Cloudflare's approach rests on three interlocking technical innovations that address the fundamental bottlenecks of running large models far from centralized GPU farms.

First, the Infire engine handles the core challenge of maximizing throughput on limited hardware. By implementing disaggregated prefill, which separates the compute-intensive prompt processing stage from the latency-sensitive token generation stage, Infire can pipeline work more efficiently across available GPUs. For the largest models, such as Kimi K2.5, the engine can begin serving requests in under 20 seconds and supports multi-GPU configurations necessary for models that exceed a single GPU's memory capacity.
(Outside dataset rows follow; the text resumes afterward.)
Theorem theorem4p10 (k : fieldType) (s : {rmorphism k -> k})
  (hchar : [pchar k] =i pred0) (n : nat)
  (S : ('I_n -> {poly nat}) -> Prop) :
  exists F : seq (dpoly k n),
    (forall f, f \in F -> is_dmonomial s f) /\
    (forall a,
       wm_closure s (fun f => exists2 u, S u & f = dmonomial s u) a <->
       wm_closure s (fun f => f \in F) a).
Proof.
pose le (u v : 'I_n -> {poly nat}) :=
  forall i, i \in enum 'I_n -> tail_le (u i) (v i).
have wqo_le : wqo le.
  apply: (wqo_bigmeet (R := fun i u v => tail_le (u i) (v i))) => i.
    exact: wqo_comap wqo_tail_le.
  by move=> y x z; apply: transitive_tail_le.
have [B [BS B_basis]] := wqo_finite_basis (fun _ => 0) S wqo_le.
exists (map (dmonomial s) B); split => [f /map_InP [u _ ->]|a]; first by exists u.
split=> a_in I I_wm genI; apply: (a_in I I_wm) => f; last first.
  by case/map_InP => u uB ->; apply: genI; exists u => //; apply: BS.
case=> u Su ->; have [u0 u0B le_u0u] := B_basis u Su.
rewrite -[dmonomial s u]mul1r; apply: (transfer_dmonomial I_wm (u := u0)).
  by move=> i; apply: le_u0u; rewrite mem_enum.
by rewrite mul1r; apply: genI; apply/map_InP; exists u0.
Qed.
(* Let $M(n,h)=\frac{2n+2-2\lceil 2\sqrt{n+h}\,\rceil}{4}$ and, for $h\ge1$, $m(h)=\min\{n\ge1: M(n,h)\ge h\}$. Then for every $h\ge 1$, $M(m(h),h)=h$. Furthermore, if $0\le \alpha-(m(h)+h)<3$ for some number $\alpha$ of the form $N^2$ or $N(N+1)$ with $N$ a positive integer, then $m(h+1)=m(h)+3$; otherwise $m(h+1)=m(h)+2$.
   Context: Here $M$ and $m$ are purely numerical functions as defined in the claim. *)

From HB Require Import structures.
From mathcomp Require Import all_boot all_order all_algebra.
From mathcomp Require Import reals.
Set Implicit Arguments. Unset Strict Implicit. Unset Printing Implicit Defensive.
Import Order.TTheory GRing.Theory Num.Theory.
Local Open Scope ring_scope.

Definition Mfun (R : realType) (n h : nat) : R :=
  (2 * n%:R + 2 - 2 * (Num.ceil (2 * Num.sqrt (((n + h)%N)%:R : R)))%:~R) / 4.

Definition is_m (R : realType) (h n : nat) : Prop :=
  (1 <= n)%N /\ h%:R <= Mfun R n h /\
  forall k : nat, (1 <= k)%N -> h%:R <= Mfun R k h -> (n <= k)%N.

Definition near_square_cond (x : nat) : Prop :=
  exists (alpha N : nat), (0 < N)%N /\ (alpha = N ^ 2 \/ alpha = N * N.+1)%N /\
    (x <= alpha)%N /\ (alpha < x + 3)%N.

From HB Require Import structures.
From mathcomp Require Import all_boot all_order all_algebra.
From mathcomp Require Import reals.
From mathcomp Require Import lra zify.

Set Implicit Arguments.
Unset Strict Implicit.
Unset Printing Implicit Defensive.
Import Order.TTheory GRing.Theory Num.Theory.
Local Open Scope ring_scope.

(* Writing n = 2h + 1 + j, the inequality M(n,h) >= h becomes 12h <= j^2 (and it
   fails for n <= 2h), while M(n,h) = h says moreover that (j + 1)^2 < 4(n + h).
   Hence m(h) = 2h + 1 + k with k = ceil(sqrt(12h)), and the minimality of k
   gives M(m(h),h) = h.  From h to h + 1, k stays put if k^2 >= 12h + 12 and
   otherwise grows by one.  As 4N^2 = (2N)^2 and 4N(N+1) = (2N+1)^2 - 1, the
   near-square condition at x asks for some m >= 2 with 4x <= m^2 < 4x + 12;
   for x = m(h) + h = 3h + 1 + k the only candidate is m = k + 2, which works
   exactly when k^2 < 12h + 12. *)

Section MfunAsCeiling.

Variable R : realType.

Lemma ceil_twice_sqrt_le (s : nat) (z : int) :
  (Num.ceil (2 * Num.sqrt (s%:R : R)) <= z) = (0 <= z) && (4 * s%:Z <= z ^+ 2).
Proof.
have sqrt_ge0 := sqrtr_ge0 (s%:R : R).
have sqr_sqrt : Num.sqrt (s%:R : R) ^+ 2 = s%:R by rewrite sqr_sqrtr ?ler0n.
rewrite ceil_le_int -(ler0z R) -(ler_int R) rmorphM rmorphXn /= pmulrn.
by apply/idP/andP => [le_z | [z_ge0 le_sz]]; first split; nra.
Qed.

Lemma ceil_twice_sqrt_eq (s : nat) (z : int) : 0 < z ->
  (Num.ceil (2 * Num.sqrt (s%:R : R)) == z) = ((z - 1) ^+ 2 < 4 * s%:Z <= z ^+ 2).
Proof.
move=> z_gt0; have := ceil_twice_sqrt_le s z; have := ceil_twice_sqrt_le s (z - 1).
set c := Num.ceil _ => le_pred le_z.
apply/eqP/andP => [Ec | [lt_pred le_sz]].
  by rewrite Ec lexx in le_z; rewrite Ec in le_pred; split; lia.
lia.
Qed.

Lemma le_Mfun n h : (h%:R <= Mfun R n h) =
  (Num.ceil (2 * Num.sqrt ((n + h)%N%:R : R)) <= n%:Z + 1 - 2 * h%:Z).
Proof.
rewrite /Mfun ler_pdivlMr // -(ler_int R).
rewrite !rmorphD /= !rmorphN /= !rmorphM /= !pmulrn.
by apply/idP/idP => H; lra.
Qed.

Lemma Mfun_eq n h : (Mfun R n h == h%:R) =
  (Num.ceil (2 * Num.sqrt ((n + h)%N%:R : R)) == n%:Z + 1 - 2 * h%:Z).
Proof.
rewrite /Mfun -(eqr_int R).
rewrite !rmorphD /= !rmorphN /= !rmorphM /= !pmulrn.
by apply/eqP/eqP => H; lra.
Qed.

Lemma Mfun_lt_low n h : (0 < h)%N -> (n <= 2 * h)%N -> Mfun R n h < h%:R.
Proof.
move=> h_gt0 le_n; rewrite ltNge le_Mfun ceil_twice_sqrt_le.
by apply/negP => /andP[z_ge0 le_z]; nia.
Qed.

Lemma le_Mfun_excess h j : (h%:R <= Mfun R (2 * h + 1 + j) h) = (12 * h <= j ^ 2)%N.
Proof.
rewrite le_Mfun ceil_twice_sqrt_le.
by apply/andP/idP => [[_ le_z] | le_hj]; [|split]; nia.
Qed.

Lemma Mfun_excess_eq h j :
  (Mfun R (2 * h + 1 + j) h == h%:R) = (12 * h <= j ^ 2 < 12 * h + 2 * j + 3)%N.
Proof.
rewrite Mfun_eq ceil_twice_sqrt_eq; last by lia.
by apply/andP/andP => [[lt_z le_z] | [le_hj lt_j]]; split; nia.
Qed.

End MfunAsCeiling.

Definition is_ceil_sqrt (a k : nat) : bool := (k.-1 ^ 2 < a <= k ^ 2)%N.

Lemma is_ceil_sqrt_leq a k j : is_ceil_sqrt a k -> (a <= j ^ 2)%N -> (k <= j)%N.
Proof.
move=> /andP[lt_a _] le_a; rewrite leqNgt; apply/negP => lt_jk.
have : (j ^ 2 <= k.-1 ^ 2)%N by rewrite leq_sqr -ltnS prednK //; lia.
lia.
Qed.

Lemma exists_ceil_sqrt a : (0 < a)%N -> exists k, is_ceil_sqrt a k.
Proof.
move=> a_gt0; have ex_k : exists k, (a <= k ^ 2)%N by exists a; nia.
case: (ex_minnP ex_k) => k le_a k_min; exists k; apply/andP; split => //.
case: k le_a k_min => [|k] le_a k_min /=; first lia.
by rewrite ltnNge; apply/negP => /k_min; lia.
Qed.

Lemma is_ceil_sqrt_sqr_lt a k : is_ceil_sqrt a k -> (k ^ 2 + 1 < a + 2 * k)%N.
Proof. by case: k => [|k] /andP[] /=; nia. Qed.

Lemma near_square_condP x :
  near_square_cond x <-> exists2 m, (2 <= m)%N & (4 * x <= m ^ 2 < 4 * x + 12)%N.
Proof.
split.
  move=> [a [N [N_gt0 [[->|->] [le_xa lt_ax]]]]].
    by exists (2 * N)%N; [lia | apply/andP; split; nia].
  by exists (2 * N + 1)%N; [lia | apply/andP; split; nia].
move=> [m m_ge2 /andP[le_xm lt_mx]].
have [N [Em | Em]] : exists N, m = (2 * N)%N \/ m = (2 * N + 1)%N.
  by exists (m %/ 2)%N; lia.
- exists (N ^ 2)%N, N; rewrite Em in m_ge2 le_xm lt_mx.
  by do !split; [lia | left | nia | nia].
- exists (N * N.+1)%N, N; rewrite Em in m_ge2 le_xm lt_mx.
  by do !split; [lia | right | nia | nia].
Qed.

Section LeastExcess.

Variables h k : nat.
Hypotheses (h_gt0 : (0 < h)%N) (hk : is_ceil_sqrt (12 * h) k).

Let k_ge4 : (4 <= k)%N.
Proof.
move/andP: hk => [_ le_hk]; rewrite leqNgt; apply/negP => lt_k4.
have : (k ^ 2 <= 3 ^ 2)%N by rewrite leq_sqr; lia.
lia.
Qed.

Lemma is_ceil_sqrt_succ : (k ^ 2 < 12 * h.+1)%N -> is_ceil_sqrt (12 * h.+1) k.+1.
Proof.
move=> lt_k; apply/andP; split => //=.
have k_lt := is_ceil_sqrt_sqr_lt hk; move/andP: hk => [_ le_hk].
have [k_le5 | k_gt5] := leqP k 5; last by nia.
have [] : k = 4%N \/ k = 5%N by lia.
all: by move=> Ek; rewrite Ek in le_hk k_lt lt_k *; lia.
Qed.

Lemma near_square_cond_excess :
  near_square_cond (2 * h + 1 + k + h) <-> (k ^ 2 < 12 * h.+1)%N.
Proof.
apply: (iff_trans (near_square_condP _)).
have k_lt := is_ceil_sqrt_sqr_lt hk; move/andP: hk => [_ le_hk].
split; last by move=> lt_k; exists (k + 2)%N; [lia | apply/andP; split; nia].
move=> [m _ /andP[le_m lt_m]].
have [lt_mk | ge_mk] := ltnP m (k + 2).
  have : (m ^ 2 <= (k + 1) ^ 2)%N by rewrite leq_sqr; lia.
  lia.
have [le_mk | gt_mk] := leqP m (k + 2).
  have Em : m = (k + 2)%N by lia.
  by rewrite Em in lt_m; lia.
have : ((k + 3) ^ 2 <= m ^ 2)%N by rewrite leq_sqr; lia.
lia.
Qed.

End LeastExcess.

Lemma is_m_ceil_sqrt (R : realType) h k : (0 < h)%N -> is_ceil_sqrt (12 * h) k ->
  is_m R h (2 * h + 1 + k).
Proof.
move=> h_gt0 hk; split; first lia.
split; first by rewrite le_Mfun_excess; case/andP: hk.
move=> n _; have [le_n | lt_n] := leqP n (2 * h).
  by rewrite leNgt Mfun_lt_low.
have -> : n = (2 * h + 1 + (n - (2 * h).+1))%N by lia.
by rewrite le_Mfun_excess => /(is_ceil_sqrt_leq hk); lia.
Qed.

Theorem lemma4 (R : realType) (h : nat) (hh : (1 <= h)%N) :
  exists mh : nat, is_m R h mh /\ Mfun R mh h = h%:R /\
    exists mh1 : nat, is_m R h.+1 mh1 /\
      (near_square_cond (mh + h) -> mh1 = (mh + 3)%N) /\
      (~ near_square_cond (mh + h) -> mh1 = (mh + 2)%N).
Proof.
have [k hk] : exists k, is_ceil_sqrt (12 * h) k by apply: exists_ceil_sqrt; rewrite muln_gt0.
have k_sqr_lt := is_ceil_sqrt_sqr_lt hk.
exists (2 * h + 1 + k)%N; split; first exact: is_m_ceil_sqrt.
split; first by apply/eqP; rewrite Mfun_excess_eq; case/andP: hk; lia.
have near := near_square_cond_excess hh hk.
have [k_big | k_small] := leqP (12 * h.+1) (k ^ 2).
  exists (2 * h.+1 + 1 + k)%N; split.
    apply: is_m_ceil_sqrt => //; case/andP: hk => lt_k _.
    by apply/andP; split; lia.
  by split; [move/near; lia | lia].
exists (2 * h.+1 + 1 + k.+1)%N; split.
  exact: is_m_ceil_sqrt (is_ceil_sqrt_succ hh hk k_small).
by split; [lia | case; apply/near].
Qed.
(** * Bins and the invariant of the algorithm *)

Definition has_blue_label (i : nat) (b : Bin) : bool :=
  match lab b with G1 i' | GB i' | GP i' _ => i' =? i | GR _ => false end.
Definition has_red_label (i : nat) (b : Bin) : bool :=
  match lab b with GR j | GP _ j => j =? i | _ => false end.

Definition blue_bins (i : nat) (B : list Bin) : nat :=
  list_sum (map (fun b => if has_blue_label i b then 1 else 0)%nat B).
Definition blue_items (i : nat) (B : list Bin) : nat :=
  list_sum (map (fun b => if has_blue_label i b then nblue b else 0)%nat B).
Definition red_bins (i : nat) (B : list Bin) : nat :=
  list_sum (map (fun b => if has_red_label i b then 1 else 0)%nat B).
Definition red_items (i : nat) (B : list Bin) : nat :=
  list_sum (map (fun b => if has_red_label i b then nred b else 0)%nat B).

Lemma count_mul_le_sum (p : Bin -> bool) (g : Bin -> nat) c B :
  (forall b, In b B -> p b = true -> (c <= g b)%nat) ->
  (c * list_sum (map (fun b => if p b then 1 else 0) B)
     <= list_sum (map (fun b => if p b then g b else 0) B))%nat.
Proof.
  induction B as [|b B IH]; simpl; intros Hc; [lia|].
  specialize (IH (fun b' Hb' => Hc b' (or_intror Hb'))).
  destruct (p b) eqn:Hp; [pose proof (Hc b (or_introl eq_refl) Hp); nia | lia].
Qed.

Definition well_labelled (b : Bin) : Prop :=
  match lab b with
  | G1 i => phi i = 0%nat /\ (1 <= i <= k)%nat
  | GB i => phi i <> 0%nat /\ (1 <= i <= k)%nat /\ nred b = 0%nat
  | GR j => (1 <= j <= k)%nat /\ ~ Delta K < t j /\ nblue b = 0%nat
  | GP i j => phi i <> 0%nat /\ (1 <= i <= k)%nat /\ (1 <= j <= k)%nat /\ ~ Delta K < t j
  end.

Definition unmergeable (B : list Bin) : Prop :=
  forall i j, In (GB i) (map lab B) -> In (GR j) (map lab B) ->
    ~ INR (gamma P j) * t j <= Delta (phi i).

(* Each type has at most one non-full bin of each colour. *)
Definition nearly_full (B : list Bin) : Prop :=
  forall i, (beta P i * blue_bins i B <= blue_items i B + beta P i)%nat /\
            (gamma P i * red_bins i B <= red_items i B + gamma P i)%nat.

Lemma In_lab_replace l B1 b b' B2 : In l (map lab (B1 ++ b' :: B2)) ->
  l = lab b' \/ In l (map lab (B1 ++ b :: B2)).
Proof. rewrite !map_app, !in_app_iff. simpl. intros [H|[<-|H]]; auto. Qed.

Lemma In_lab_snoc l B b : In l (map lab (B ++ [b])) -> l = lab b \/ In l (map lab B).
Proof. rewrite map_app, in_app_iff. simpl. intros [H|[<-|[]]]; auto. Qed.

Lemma Forall_middle (Q : Bin -> Prop) B1 b B2 : Forall Q (B1 ++ b :: B2) -> Q b.
Proof. rewrite Forall_app. intros [_ H]. now inversion H. Qed.

Lemma Forall_replace (Q : Bin -> Prop) B1 b b' B2 :
  Forall Q (B1 ++ b :: B2) -> (Q b -> Q b') -> Forall Q (B1 ++ b' :: B2).
Proof. rewrite !Forall_app. intros [H1 H2] Hb'. inversion H2; subst. auto. Qed.

Lemma Forall_snoc (Q : Bin -> Prop) B b : Forall Q B -> Q b -> Forall Q (B ++ [b]).
Proof. intros. apply Forall_app. auto. Qed.

Lemma unmergeable_relabel B1 b b' B2 : lab b' = lab b \/ (exists i j, lab b' = GP i j) ->
  unmergeable (B1 ++ b :: B2) -> unmergeable (B1 ++ b' :: B2).
Proof.
  intros Hlab H i j Hi Hj.
  destruct (In_lab_replace _ _ b _ _ Hi) as [Ei|Hi'];
  destruct (In_lab_replace _ _ b _ _ Hj) as [Ej|Hj'];
  try (destruct Hlab as [Hlab|[? [? Hlab]]]; rewrite Hlab in *; try discriminate);
  apply H; auto; rewrite map_app, in_app_iff; simpl; auto.
Qed.

Lemma red_bins_full i B : ~ red_R1 P i B -> ~ red_R2 P i B ->
  (gamma P i * red_bins i B <= red_items i B)%nat.
Proof.
  intros H1 H2. apply count_mul_le_sum. intros b Hb E. unfold has_red_label in E.
  apply Nat.nlt_ge. intros Hroom.
  destruct (lab b) as [a|a|a|a c] eqn:El; try discriminate; apply Nat.eqb_eq in E; subst.
  - apply H1. now exists b.
  - apply H2. now exists b, a.
Qed.

Lemma blue_bins_full_plain i B : Forall well_labelled B -> phi i = 0%nat -> ~ blue_B1 P i B ->
  (beta P i * blue_bins i B <= blue_items i B)%nat.
Proof.
  intros HG Hp H1. apply count_mul_le_sum. intros b Hb E. unfold has_blue_label in E.
  rewrite Forall_forall in HG. specialize (HG b Hb). unfold well_labelled in HG.
  apply Nat.nlt_ge. intros Hroom.
  destruct (lab b) as [a|a|a|a c] eqn:El; try discriminate; apply Nat.eqb_eq in E; subst; try tauto.
  apply H1. now exists b.
Qed.

Lemma blue_bins_full_paired i B : Forall well_labelled B -> phi i <> 0%nat -> ~ blue_B3 P i B ->
  (beta P i * blue_bins i B <= blue_items i B)%nat.
Proof.
  intros HG Hp H3. apply count_mul_le_sum. intros b Hb E. unfold has_blue_label in E.
  rewrite Forall_forall in HG. specialize (HG b Hb). unfold well_labelled in HG.
  apply Nat.nlt_ge. intros Hroom.
  destruct (lab b) as [a|a|a|a c] eqn:El; try discriminate; apply Nat.eqb_eq in E; subst; try tauto;
  apply H3; exists b; eauto.
Qed.

Ltac split_eqb := repeat match goal with
  | |- context [Nat.eqb ?a ?b] => destruct (Nat.eqb_spec a b); try subst a
  | H : context [Nat.eqb ?a ?b] |- _ => destruct (Nat.eqb_spec a b); try subst a end.

Ltac count_cases HJ :=
  let i' := fresh "i" in
  intro i'; try destruct (HJ i');
  unfold blue_bins, blue_items, red_bins, red_items, has_blue_label, has_red_label in *;
  rewrite ?map_app, ?list_sum_app in *; simpl in *; split_eqb; try tauto; lia.

Lemma place_red_spec i B B' : (1 <= i <= k)%nat -> ~ Delta K < t i ->
  Forall well_labelled B -> unmergeable B -> nearly_full B -> PlaceRed P i B B' ->
  Forall well_labelled B' /\ unmergeable B' /\ nearly_full B' /\
  (forall i', blue_items i' B' = blue_items i' B) /\
  (forall i', red_items i' B' = (red_items i' B + (if i =? i' then 1 else 0))%nat).
Proof.
  intros Hi Hsmall HG HC HJ HP.
  destruct HP as [B1 B2 b r Hr|B1 B2 j b r H1 Hr|B1 B2 j b r H1 H2 Hfit|B H1 H2 H3].
  - pose proof (Forall_middle _ _ _ _ HG) as Hb. unfold well_labelled in Hb; simpl in Hb.
    split; [apply (Forall_replace _ _ _ _ _ HG); unfold well_labelled; simpl; tauto|].
    split; [refine (unmergeable_relabel _ _ _ _ _ HC); left; reflexivity|].
    split; [|split]; count_cases HJ.
  - pose proof (Forall_middle _ _ _ _ HG) as Hb. unfold well_labelled in Hb; simpl in Hb.
    split; [apply (Forall_replace _ _ _ _ _ HG); unfold well_labelled; simpl; tauto|].
    split; [refine (unmergeable_relabel _ _ _ _ _ HC); left; reflexivity|].
    split; [|split]; count_cases HJ.
  - pose proof (Forall_middle _ _ _ _ HG) as Hb. unfold well_labelled in Hb; simpl in Hb.
    pose proof (red_bins_full i _ H1 H2) as Hfull.
    split; [apply (Forall_replace _ _ _ _ _ HG); unfold well_labelled; simpl; tauto|].
    split; [refine (unmergeable_relabel _ _ _ _ _ HC); right; do 2 eexists; reflexivity|].
    split; [|split]; count_cases HJ.
  - pose proof (red_bins_full i _ H1 H2) as Hfull.
    split; [apply Forall_snoc; [exact HG | unfold well_labelled; simpl; tauto]|].
    split.
    { intros i' j' Hi' Hj'.
      destruct (In_lab_snoc _ _ _ Hi') as [E|Hi'']; [discriminate|].
      destruct (In_lab_snoc _ _ _ Hj') as [E|Hj'']; [|auto].
      injection E as <-. intros Hfit. apply H3.
      apply in_map_iff in Hi''. destruct Hi'' as [bn [E Hbn]]. now exists bn, i'. }
    split; [|split]; count_cases HJ.
Qed.

Lemma place_blue_spec i B B' : (1 <= i <= k)%nat ->
  Forall well_labelled B -> unmergeable B -> nearly_full B -> PlaceBlue P i B B' ->
  Forall well_labelled B' /\ unmergeable B' /\ nearly_full B' /\
  (forall i', blue_items i' B' = (blue_items i' B + (if i =? i' then 1 else 0))%nat) /\
  (forall i', red_items i' B' = red_items i' B).
Proof.
  intros Hi HG HC HJ HP.
  destruct HP as [B1 B2 b r Hp Hb|B Hp H1|B1 B2 l b r Hp Hl Hb|B1 B2 j b r Hp H3 Hfit|B Hp H3 H4].
  - pose proof (Forall_middle _ _ _ _ HG) as Hg. unfold well_labelled in Hg; simpl in Hg.
    split; [apply (Forall_replace _ _ _ _ _ HG); unfold well_labelled; simpl; tauto|].
    split; [refine (unmergeable_relabel _ _ _ _ _ HC); left; reflexivity|].
    split; [|split]; count_cases HJ.
  - pose proof (blue_bins_full_plain i _ HG Hp H1) as Hfull.
    split; [apply Forall_snoc; [exact HG | unfold well_labelled; simpl; tauto]|].
    split.
    { intros i' j' Hi' Hj'.
      destruct (In_lab_snoc _ _ _ Hi') as [E|Hi'']; [discriminate|].
      destruct (In_lab_snoc _ _ _ Hj') as [E|Hj'']; [discriminate | auto]. }
    split; [|split]; count_cases HJ.
  - destruct Hl as [->|[j ->]];
      pose proof (Forall_middle _ _ _ _ HG) as Hg; unfold well_labelled in Hg; simpl in Hg;
      (split; [apply (Forall_replace _ _ _ _ _ HG); unfold well_labelled; simpl; tauto|]);
      (split; [refine (unmergeable_relabel _ _ _ _ _ HC); left; reflexivity|]);
      (split; [|split]); count_cases HJ.
  - pose proof (Forall_middle _ _ _ _ HG) as Hg. unfold well_labelled in Hg; simpl in Hg.
    pose proof (blue_bins_full_paired i _ HG Hp H3) as Hfull.
    split; [apply (Forall_replace _ _ _ _ _ HG); unfold well_labelled; simpl; tauto|].
    split; [refine (unmergeable_relabel _ _ _ _ _ HC); right; do 2 eexists; reflexivity|].
    split; [|split]; count_cases HJ.
  - pose proof (blue_bins_full_paired i _ HG Hp H3) as Hfull.
    split; [apply Forall_snoc; [exact HG | unfold well_labelled; simpl; tauto]|].
    split.
    { intros i' j' Hi' Hj'.
      destruct (In_lab_snoc _ _ _ Hj') as [E|Hj'']; [discriminate|].
      destruct (In_lab_snoc _ _ _ Hi') as [E|Hi'']; [|auto].
      injection E as <-. intros Hfit. apply H4.
      apply in_map_iff in Hj''. destruct Hj'' as [bn [E Hbn]]. now exists bn, j'. }
    split; [|split]; count_cases HJ.
Qed.

Definition type_count (i : nat) (L : list R) : nat := count_occ Nat.eq_dec (map (typ P) L) i.

Definition small_mass (L : list R) : R :=
  fold_right (fun x acc => (if typ P x =? k + 1 then x else 0) + acc) 0 L.

Lemma type_count_snoc i L x :
  type_count i (L ++ [x]) = (type_count i L + if Nat.eq_dec (typ P x) i then 1 else 0)%nat.
Proof. unfold type_count. rewrite map_app, count_occ_app. reflexivity. Qed.

Lemma small_mass_snoc L x :
  small_mass (L ++ [x]) = small_mass L + if typ P x =? k + 1 then x else 0.
Proof. unfold small_mass. rewrite fold_right_app. simpl. induction L; simpl; lra. Qed.

Record invariant (L : list R) (st : State) : Prop := {
  inv_labels : Forall well_labelled (bins st);
  inv_unmergeable : unmergeable (bins st);
  inv_nearly_full : nearly_full (bins st);
  inv_blue_items : forall i, (blue_items i (bins st) + ecnt st i)%nat = scnt st i;
  inv_red_items : forall i, red_items i (bins st) = ecnt st i;
  inv_scnt : forall i, (1 <= i <= k)%nat -> scnt st i = type_count i L;
  inv_ecnt : forall i, (1 <= i <= k)%nat ->
    INR (ecnt st i) <= alpha i * INR (scnt st i) < INR (ecnt st i) + 1;
  inv_nf : nf_invariant (eps P) (small_mass L) (nf_level st) (nf_count st)
}.

Lemma invariant_init : invariant [] init_state.
Proof.
  constructor; simpl.
  - constructor.
  - intros i j [].
  - intros i. unfold blue_bins, blue_items, red_bins, red_items. simpl. lia.
  - reflexivity.
  - reflexivity.
  - reflexivity.
  - intros i _. simpl. lra.
  - apply nf_invariant_init.
Qed.

Lemma step_small_invariant L st x st' : invariant L st -> 0 < x <= 1 ->
  typ P x = (k + 1)%nat -> Step P st x st' -> invariant (L ++ [x]) st'.
Proof.
  intros [HG HC HJ Hblue Hred Hs He Hnf] Hx Hty HS.
  destruct (typ_spec x Hx) as [_ [_ Hxeps]]. rewrite Hty in Hxeps.
  assert (Hcount : forall i, (1 <= i <= k)%nat -> scnt st i = type_count i (L ++ [x])).
  { intros i Hi. rewrite type_count_snoc, <- Hs by exact Hi.
    destruct (Nat.eq_dec (typ P x) i); lia. }
  assert (Hmass : small_mass (L ++ [x]) = small_mass L + x)
    by (rewrite small_mass_snoc, Hty, Nat.eqb_refl; reflexivity).
  destruct HS as [st0 x0 l _ Hl Hfit|st0 x0 _ Hnofit|st0 x0 i B' Hi Hik _ _|st0 x0 i B' Hi Hik _ _];
    try lia.
  - rewrite Hl in Hnf. constructor; auto. rewrite Hmass. now apply nf_invariant_fit.
  - constructor; auto. rewrite Hmass.
    apply nf_invariant_open with (nf_level st0); auto using eps_lt_1. unfold eps. lra.
Qed.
Second, Cloudflare developed Unweight, a lossless inference-time compression system that reduces model weight footprints by 15 to 22 percent without sacrificing bit-exact output quality. For a model like Kimi K2.5, that translates to roughly 3 GB of VRAM savings per GPU, a meaningful margin on hardware where every gigabyte determines whether a model fits in memory or requires an additional card. Critically, Unweight operates without specialized hardware, meaning it can be deployed across Cloudflare's heterogeneous GPU fleet.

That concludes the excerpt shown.